- Born: Winslow Seale Brooklyn, New York, U.S.
- Education: B.S.; M.S.; Ph.D. course work Howard University; Georgetown University Kennedy Center for Ethics
- Known for: first officially recognized Muslim chaplain in higher education in the U.S.
- Title: Imam
- Spouse: Mary
- Website: imamjohari.com

= Johari Abdul-Malik =

First officially recognized Muslim chaplain in higher education in the U.S

Johari Abdul-Malik Ibn Winslow Seale is a convert to Islam, and was previously the Director of Outreach for the Dar Al Hijrah Islamic Center in Northern Virginia from June 2002 until June 2017.

He is also the former Chair of the Coordinating Council of Muslim Organizations, the former head of the National Association of Muslim Chaplains in Higher Education, President of the Muslim Society of Washington, Inc., and a founding member of the Muslim Advocacy Commission of Washington, DC. In addition, he serves as the chair of government relations of the Muslim Alliance in North America.

==Early life==
His mother is from northern Louisiana, and his father is from Barbados. Abdul-Malik was born and raised as an Anglican by his African American parents in Brooklyn, New York, until "at confirmation the teachings of the Ten Commandments exposed the inherent contradiction of western Christianity." He explored Taoism and "Asian spirituality" in high school.

While attending Howard University in Washington, DC, where he began in 1974 and received a BS in chemistry and an MS in Genetics and Human Genetics, he became a self-described Black activist, musician, and vegetarian, learning Transcendental Meditation. In graduate school he converted to Islam, and became President of the Muslim Student Association chapter at Howard.
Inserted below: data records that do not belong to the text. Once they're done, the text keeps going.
Lemma prodist_gt0 phi : (forall k, 0 < phi k) -> forall y, 0 < prodist m phi y.
Proof. by move=> phi0 y; apply: prodr_gt0. Qed.

Lemma prodist_prob phi : is_prob phi -> is_prob (prodist m phi).
Proof.
move=> [phi0 phi1]; split=> [y|]; first exact: prodr_ge0.
by rewrite /prodist -(bigA_distr_bigA (fun _ k => phi k)) big1.
Qed.

Lemma ln_prodist phi y : (forall k, 0 < phi k) ->
  ln (prodist m phi y) = \sum_i ln (phi (y i)).
Proof. by move=> phi0; rewrite ln_prod. Qed.

Lemma prodist_expect_sum phi (h : 'I_K -> R) : \sum_k phi k = 1 ->
  \sum_y prodist m phi y * \sum_i h (y i) = m%:R * \sum_k phi k * h k.
Proof.
move=> phi1; under eq_bigr do rewrite mulr_sumr.
rewrite exchange_big /= -[m in m%:R]card_ord mulr_natl -sumr_const.
apply: eq_bigr => i _.
pose F j k := if j == i then phi k * h k else phi k.
have prodF y : prodist m phi y * h (y i) = \prod_j F j (y j).
  rewrite /prodist (bigD1 i) //= [RHS](bigD1 i) //= /F eqxx mulrAC.
  by congr (_ * _); apply: eq_bigr => j /negbTE ->.
under eq_bigr do rewrite prodF.
rewrite -(bigA_distr_bigA F) (bigD1 i) //= [X in _ * X]big1 ?mulr1.
  by apply: eq_bigr => k _; rewrite /F eqxx.
by move=> j /negbTE ji; rewrite -phi1; apply: eq_bigr => k _; rewrite /F ji.
Qed.

Lemma KL_prodist phi p : is_prob phi -> (forall k, 0 < phi k) -> (forall k, 0 < p k) ->
  KL (prodist m phi) (prodist m p) = m%:R * KL phi p.
Proof.
move=> [_ phi1] phi0 p0; rewrite -prodist_expect_sum //; apply: eq_bigr => y _.
rewrite ln_div ?posrE ?prodist_gt0 // !ln_prodist // -sumrB.
by congr (_ * _); apply: eq_bigr => i _; rewrite ln_div ?posrE.
Qed.

End ProductDistribution.

Lemma powR_expR {R : realType} (x g : R) : 0 < x -> x `^ g = expR (g * ln x).
Proof. by move=> x0; rewrite /powR gt_eqF. Qed.

Lemma continuous_powR {R : realType} {x : R} : 0 < x -> continuous (fun g : R => x `^ g).
Proof.
move=> x0 g; rewrite (_ : (fun g => x `^ g) = (fun g => expR (g * ln x))).
  apply: continuous_comp; last exact: continuous_expR.
  by apply: continuousM; [exact: cvg_id | exact: cvg_cst].
by apply/funext => h; rewrite powR_expR.
Qed.

Section Tilt.
Context {R : realType} {K : nat} {p q : 'I_K -> R}.
Hypotheses (pprob : is_prob p) (p0 : forall k, 0 < p k) (q0 : forall k, 0 < q k).

Definition tiltZ (g : R) := \sum_k p k * q k `^ g.

Definition tilt_mean (g : R) := \sum_k tilt q p g k * ln (q k).

Lemma tiltZ_gt0 g : 0 < tiltZ g.
Proof.
have [k _] : exists k : 'I_K, true.
  case: (pickP 'I_K) => [k|none]; first by exists k.
  by case: pprob => _; rewrite big_pred0 // => /eqP; rewrite eq_sym oner_eq0.
rewrite /tiltZ (bigD1 k) //= ltr_pwDl ?mulr_gt0 ?powR_gt0 //.
by apply: sumr_ge0 => j _; rewrite mulr_ge0 ?powR_ge0 ?ltW.
Qed.

Lemma tilt_gt0 g k : 0 < tilt q p g k.
Proof. by rewrite divr_gt0 ?mulr_gt0 ?powR_gt0 ?tiltZ_gt0. Qed.

Lemma tilt_prob g : is_prob (tilt q p g).
Proof.
split=> [k|]; first exact/ltW/tilt_gt0.
by rewrite /tilt -mulr_suml divff // gt_eqF // tiltZ_gt0.
Qed.

Lemma ln_tilt g k : ln (tilt q p g k) = ln (p k) + g * ln (q k) - ln (tiltZ g).
Proof.
rewrite ln_div ?posrE ?mulr_gt0 ?powR_gt0 ?tiltZ_gt0 //.
by rewrite lnM ?posrE ?powR_gt0 // ln_powR.
Qed.

Lemma KL_tilt {phi} g : is_prob phi ->
  KL phi (tilt q p g) = KL phi p - g * \sum_k phi k * ln (q k) + ln (tiltZ g).
Proof.
move=> phip.
rewrite (KL_shift (fun k => g * ln (q k)) (ln (tiltZ g)) phip p0 (tilt_gt0 g)).
  by rewrite mulr_sumr; congr (_ - _ + _); apply: eq_bigr => k _; rewrite mulrCA.
exact: ln_tilt.
Qed.

Lemma KL_tiltE g : KL (tilt q p g) p = g * tilt_mean g - ln (tiltZ g).
Proof. by have := KL_tilt g (tilt_prob g); rewrite KL_self /tilt_mean; lra. Qed.

Lemma KL_tilt0 : KL (tilt q p 0) p = 0.
Proof.
rewrite KL_tiltE mul0r sub0r (_ : tiltZ 0 = 1) ?ln1 ?oppr0 //.
by rewrite -(proj2 pprob); apply: eq_bigr => k _; rewrite powRr0 mulr1.
Qed.

Lemma ln_prodist_tilt m g (y : {ffun 'I_m -> 'I_K}) :
  ln (prodist m (tilt q p g) y) =
  ln (prodist m p y) + g * ln (prodist m q y) - m%:R * ln (tiltZ g).
Proof.
rewrite !ln_prodist //; last exact: tilt_gt0.
under eq_bigr do rewrite ln_tilt.
by rewrite sumrB big_split /= -mulr_sumr sumr_const card_ord mulr_natl.
Qed.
He completed his clinical post-graduate training program in Bioethics at the Georgetown University Kennedy Center for Ethics, completing his Ph.D. course work in Bioethics and Genetics.

Abdul-Malik performed Hajj in 1994.

==Muslim chaplain of Howard University==
In November 1998, Abdul-Malik was named chaplain of Howard University. He served as the first officially recognized Muslim chaplain in higher education in the United States. Abdul-Malik resigned at the end of the spring 2004 semester. Abdul-Malik spoke as a panelist at the American Muslims for Global Peace and Justice's March 8, 2002 press conference, criticizing Israel's policy towards Palestine. He was also a panelist at a gathering that voiced its concerned of the murder charge that faced former chairman of the Student Nonviolent Coordinating Committee and later the militant Justice Minister of the Black Panther Party Jamil Abdullah Al-Amin (H. Rap Brown). Abdul-Malik publicly denounced a series of U.S. government raids of various northern Virginia Muslims' homes and offices in March 2002 that were launched in part to find evidence against Palestinian civil rights activist Sami Al-Arian.

==Dar al-Hijrah==
In June 2002, Abdul-Malik joined the Dar al-Hijrah mosque as its Director of Outreach, and spokesman. The mosque uses a "team approach". He said: "It's important that there's an American at the mosque to speak with media, to defend Islam who can talk about the rights of Muslims. It would be difficult for us if we had an imam who didn't understand the process here."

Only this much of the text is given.